Wednesday, May 14, 2008

Table normalization verses long-term data storage

I'm currently working on an application that involves long-term storage of assessment data. Users submit records of their activities and assess their performance, and then reviewers look over those assessments and denote whether they agree or disagree with them. Each assessment database record is related to a reviewer through the unique reviewer id that is part of the assessment record, and I can use that relationship to retrieve the reviewer's name whenever I display the assessment record.

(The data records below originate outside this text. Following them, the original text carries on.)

(* Let $P_n(x)$ be a real polynomial all of whose roots are real, with distinct roots $p_1<\dots<p_m$ of multiplicities $r_1,\dots,r_m$. Then $$Z=\sum_{1\le i<j\le m}\frac{r_j^{-1}-r_i^{-1}}{p_j-p_i}$$ is a rational function of the coefficients of $P_n(x)$. *)

From HB Require Import structures.
From mathcomp Require Import all_boot all_order all_algebra.
From mathcomp Require Import reals.
From mathcomp Require Import mpoly.
Set Implicit Arguments. Unset Strict Implicit. Unset Printing Implicit Defensive.
Import Order.TTheory GRing.Theory Num.Theory.
Local Open Scope ring_scope.

Definition Zsum (R : realType) (p : seq R) (r : seq nat) : R :=
  \sum_(i < size p) \sum_(j < size p | (i < j)%N)
     (((nth 0%N r j)%:R)^-1 - ((nth 0%N r i)%:R)^-1) / (p`_j - p`_i).

Definition coefvec (R : realType) (n : nat) (P : {poly R}) : 'I_n.+1 -> R :=
  fun i => P`_i.
Arguments coefvec {R} n P i.

(* Let s = \prod_j ('X - p_j) be the radical of P and H = \sum_j r_j \prod_(i != j) ('X - p_i),
   so that P' s = P H.  With deg s = m and deg H < m fixed, this identity is a linear system in the
   coefficients of s - 'X^m and H whose matrix (a generalized Sylvester matrix) has entries among
   the coefficients of P and is injective because H does not vanish at the roots of s.  Solving
   the normal equations by Cramer's rule therefore expresses s and H as rational functions of
   the coefficients of P.
   With z_j = r_j^-1 \sum_(i != j) (p_j - p_i)^-1, the sum Z = \sum_j z_j is the coefficient of
   degree m - 1 of W = \sum_j z_j \prod_(i != j) ('X - p_i).  Since s''(p_j) = 2 s'(p_j)
   \sum_(i != j) (p_j - p_i)^-1 and H(p_j) = r_j s'(p_j), W is the unique polynomial of degree
   < m with W H = s' s'' / 2 modulo s: a second injective linear system, now with coefficients
   rational in those of P. *)

From HB Require Import structures.
From mathcomp Require Import all_boot all_order all_algebra.
From mathcomp Require Import reals.
From mathcomp Require Import mpoly.
From mathcomp Require Import ring zify.
Import Order.TTheory GRing.Theory Num.Theory.
Local Open Scope ring_scope.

It's a standard example of table normalization. If the reviewer's name was stored within the assessment record itself, and the reviewer changed their name for some reason (marriage, divorce, mid-life crisis, etc.), the application would have to update the name in both the reviewer's record AND the assessment record. But by using the reviewer's id in the assessment record to establish a relationship between the assessment record and the reviewer record, the reviewer's name only needs to be recorded or updated once.

However, this project will entail keeping the assessment data for an undetermined number of years. With the data arrangement I just described, that means I would have to store the assessment records and all of the related reviewer records if I want to be able to keep showing the name of the reviewer when looking at older assessment records. That could result in keeping a lot of extra data about reviewers (addresses, e-mail addresses, logins, passwords, etc.) who are no longer associated with the program simply because we need to keep their name tied to the assessments.

I think this is one of those situations where it makes sense to repeat a little data. Recording the reviewer's name in the assessment records allows me to let the administrative users of the application delete reviewer user accounts without impacting historical data. It means a bit more work in keeping the reviewer's name the same in both records, but in the long run I think it's worth the effort.

Thursday, February 7, 2008

Switching Between Sets of Database Tables On The Fly

Ever need to tell your ColdFusion app to run select queries against a different set of tables while you do something to the original set (like perform a batch update)?

I did. Here's how I did it.

First, I gave each table in each set a two-part name, two words separated by an underscore. The first part of the name was descriptive of the data in the table ("chapters","sections", etc.) while the second part of the name identified the data set the table belonged to ("live", "archive", whatever). So the "chapters_live" and the "chapters_archive" tables were exactly the same in structure.

Then I created an application variable called "application.tableSuffix" and set its initial value to "live".

(Can you see where this is leading?)

Finally, I changed my select queries to use table names comprised of the first, data-descriptive part of the table name, the underscore, and the value of application.tableSuffix:

<cfquery name="showChapters" datasource="ds">
   select chapterTitle, chapterIntro
   from chapters_#application.tableSuffix#
   order by chapterOrder ASC
</cfquery>

Once that was done, I could change the table set my select queries ran against at any time by simply changing the value of application.tableSuffix. Two things worth noting:

This technique only makes sense if only one set of tables can be updated by the user: if users can make changes to either set, you'll have to figure out how to resolve the differences between the data in each set.

If the switch could potentially be in place for awhile, you might want to store the current tableSuffix value in a database record or a file and then retrieve that data in the onApplicationStart method of your Application.cfc file so that the current value is preserved even if the application scope expires.